The tensors will be created from the images and labels from the name of the folder containing the images

In [2]:
data_path = './data/spectrograms' #looking in subfolder train

yes_no_dataset = datasets.ImageFolder(
    root=data_path,
    transform=transforms.Compose([transforms.Resize((201,81)),
                                  transforms.ToTensor()
                                  ])
)
print(yes_no_dataset)
print(yes_no_dataset[5][0].size())

Dataset ImageFolder
    Number of datapoints: 7985
    Root location: ./data/spectrograms
    StandardTransform
Transform: Compose(
               Resize(size=(201, 81), interpolation=PIL.Image.BILINEAR)
               ToTensor()
           )
torch.Size([3, 201, 81])


In [129]:
yes_no_dataset[0][1] # show label

0

In [130]:
yes_no_dataset[4000][1]

1

In [3]:
#split data to test and train
#use 80% to train
train_size = int(0.8 * len(yes_no_dataset))
test_size = len(yes_no_dataset) - train_size
yes_no_train_dataset, yes_no_test_dataset = torch.utils.data.random_split(yes_no_dataset, [train_size, test_size])
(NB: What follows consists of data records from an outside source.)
(* Let $G$ be a maximal $3$-$\gamma_{c}$-vertex critical graph of order $n$ with clique number $\omega$. Then $\omega\leq n-3$, and equality holds if and only if $G$ is the cycle $C_{5}$.
   Context: All graphs are finite, simple and connected. A set $D\subseteq V(G)$ is a connected dominating set of $G$ if every vertex of $G$ is in $D$ or adjacent to a vertex of $D$, and $G[D]$ is connected; $\gamma_{c}(G)$ is the minimum cardinality of such a set. $G$ is $k$-$\gamma_{c}$-edge critical if $\gamma_{c}(G)=k$ and $\gamma_{c}(G+uv)<k$ for every pair of non-adjacent vertices $u,v$. A $2$-connected graph $G$ is $k$-$\gamma_{c}$-vertex critical if $\gamma_{c}(G)=k$ and $\gamma_{c}(G-v)<k$ for every $v\in V(G)$. $G$ is maximal $k$-$\gamma_{c}$-vertex critical if it is both $k$-$\gamma_{c}$-edge critical and $k$-$\gamma_{c}$-vertex critical. *)

From mathcomp Require Import all_boot.
Set Implicit Arguments. Unset Strict Implicit. Unset Printing Implicit Defensive.

Section Graphs.
Variable T : finType.

Definition simple_graph (e : rel T) : Prop := symmetric e /\ irreflexive e.

Definition induced (e : rel T) (S : {set T}) : rel T :=
  [rel x y | [&& e x y, x \in S & y \in S]].

Definition connected_in (e : rel T) (S : {set T}) : bool :=
  (S != set0) && [forall x in S, forall y in S, connect (induced e S) x y].

Definition connected_graph (e : rel T) : bool := connected_in e setT.

Definition two_connected (e : rel T) : bool :=
  [&& 2 < #|T|, connected_graph e & [forall v, connected_in e (setT :\ v)]].

Definition is_cds (e : rel T) (S D : {set T}) : bool :=
  [&& D \subset S,
      [forall x in S, (x \in D) || [exists y in D, e x y]] &
      connected_in e D].
(* For all integers $n\ge2$ and $k\ge1$: (a) the eccentricity of the root $\mathbf r=00\ldots0$ in $H_{n,k}$ equals $k$, and the radius of $H_{n,k}$ equals $k$; (b) the diameter of $H_{n,k}$ equals $2k-1$.
   Context: Let $n\ge 2$ and $k\ge 1$ be integers. $H_{n,k}$ is the simple undirected graph with vertex set $V_{n,k}=\mathbb{Z}_n^k$ (so $|V_{n,k}|=n^k$), whose vertices are written as strings $x_1x_2\ldots x_k$ with $x_j\in\mathbb{Z}_n=\{0,1,\ldots,n-1\}$. Two distinct vertices are adjacent if and only if they are related by one of the following rules. For $i=0$ the prefix $x_1\ldots x_i$ is empty, and ''$0\ldots0$'' denotes a string of zeros completing the word to length $k$. (R1) $x_1\ldots x_{k-1}x_k\sim x_1\ldots x_{k-1}y_k$ whenever $y_k\neq x_k$. (R2) For $0\le i\le k-2$: $x_1\ldots x_i0\ldots0\sim x_1\ldots x_ix_{i+1}\ldots x_k$ whenever $x_j\neq 0$ for all $i+1\le j\le k$. (R3) For $1\le i\le k-1$: $x_1\ldots x_{i-1}x_i0\ldots0\sim x_1\ldots x_{i-1}y_i0\ldots0$ whenever $x_i,y_i\neq0$ and $x_i\ne y_i$. In particular, $H_{n,1}$ is the complete graph $K_n$. The root of $H_{n,k}$ is the vertex $\mathbf r=00\ldots0$. The eccentricity of a vertex is its maximum distance to the other vertices; the radius (resp. diameter) is the minimum (resp. maximum) eccentricity. *)

From mathcomp Require Import all_boot.
Set Implicit Arguments. Unset Strict Implicit. Unset Printing Implicit Defensive.

Section GraphDist.
Variable T : finType.
Variable e : rel T.

Definition walkb (m : nat) (x y : T) : bool :=
  [exists p : m.-tuple T, path e x p && (last x p == y)].

(* graph distance: the least m admitting a walk of length m
   (a shortest walk has fewer than #|T| edges; if y is unreachable the
   value is #|T|, which never occurs for the connected graphs below) *)
Definition gdist (x y : T) : nat := find (fun m => walkb m x y) (iota 0 #|T|).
print(len(yes_no_train_dataset))
print(len(yes_no_test_dataset))

6388
1597


In [4]:
train_dataloader = torch.utils.data.DataLoader(
    yes_no_train_dataset,
    batch_size=5,
    num_workers=2,
    shuffle=True
)

test_dataloader = torch.utils.data.DataLoader(
    yes_no_test_dataset,
    batch_size=5,
    num_workers=2,
    shuffle=True
)

In [118]:
train_dataloader.dataset[0][0][0][0]

tensor([0.7451, 0.7569, 0.7725, 0.8235, 0.8549, 0.8275, 0.7804, 0.7882, 0.8471,
        0.8431, 0.6353, 0.7020, 0.8196, 0.8118, 0.7725, 0.6941, 0.7137, 0.7020,
        0.7137, 0.7529, 0.8000, 0.8314, 0.8275, 0.7882, 0.8275, 0.8627, 0.8510,
        0.7961, 0.7725, 0.8039, 0.8392, 0.8431, 0.8275, 0.8000, 0.7961, 0.7569,
        0.7765, 0.8353, 0.8471, 0.8314, 0.7608, 0.7882, 0.8000, 0.7922, 0.7686,
        0.6824, 0.6235, 0.7686, 0.7569, 0.7412, 0.8039, 0.8235, 0.8196, 0.7961,
        0.7686, 0.8000, 0.8000, 0.7059, 0.7333, 0.7765, 0.8000, 0.8000, 0.7843,
        0.7569, 0.7373, 0.7373, 0.7294, 0.7333, 0.7569, 0.7647, 0.7255, 0.6902,
        0.7255, 0.7255, 0.6902, 0.6392, 0.6824, 0.7608, 0.8078, 0.7961, 0.7137])

In [5]:
device = 'cuda' if torch.cuda.is_available() else 'cpu'
print('Using {} device'.format(device))


Using cuda device


In [6]:
class CNNet(nn.Module):
    def __init__(self):
        super().__init__()
        self.conv1 = nn.Conv2d(3, 32, kernel_size=5)
        self.conv2 = nn.Conv2d(32, 64, kernel_size=5)
        self.conv2_drop = nn.Dropout2d()
        self.flatten = nn.Flatten()
        self.fc1 = nn.Linear(51136, 50)
        self.fc2 = nn.Linear(50, 2)


    def forward(self, x):
        x = F.relu(F.max_pool2d(self.conv1(x), 2))
        x = F.relu(F.max_pool2d(self.conv2_drop(self.conv2(x)), 2))
        #x = x.view(x.size(0), -1)
        x = self.flatten(x)
        x = F.relu(self.fc1(x))
        x = F.dropout(x, training=self.training)
        x = F.relu(self.fc2(x))
        return F.log_softmax(x,dim=1)
    
model = CNNet().to(device)

print(model)

CNNet(
  (conv1): Conv2d(3, 32, kernel_size=(5, 5), stride=(1, 1))
  (conv2): Conv2d(32, 64, kernel_size=(5, 5), stride=(1, 1))
  (conv2_drop): Dropout2d(p=0.5, inplace=False)
  (flatten): Flatten()
  (fc1): Linear(in_features=51136, out_features=50, bias=True)
  (fc2): Linear(in_features=50, out_features=2, bias=True)
)


In [7]:
# cost function used to determine best parameters
cost = torch.nn.CrossEntropyLoss()

# used to create optimal parameters
learning_rate = 0.0001
optimizer = torch.optim.Adam(model.parameters(), lr=learning_rate)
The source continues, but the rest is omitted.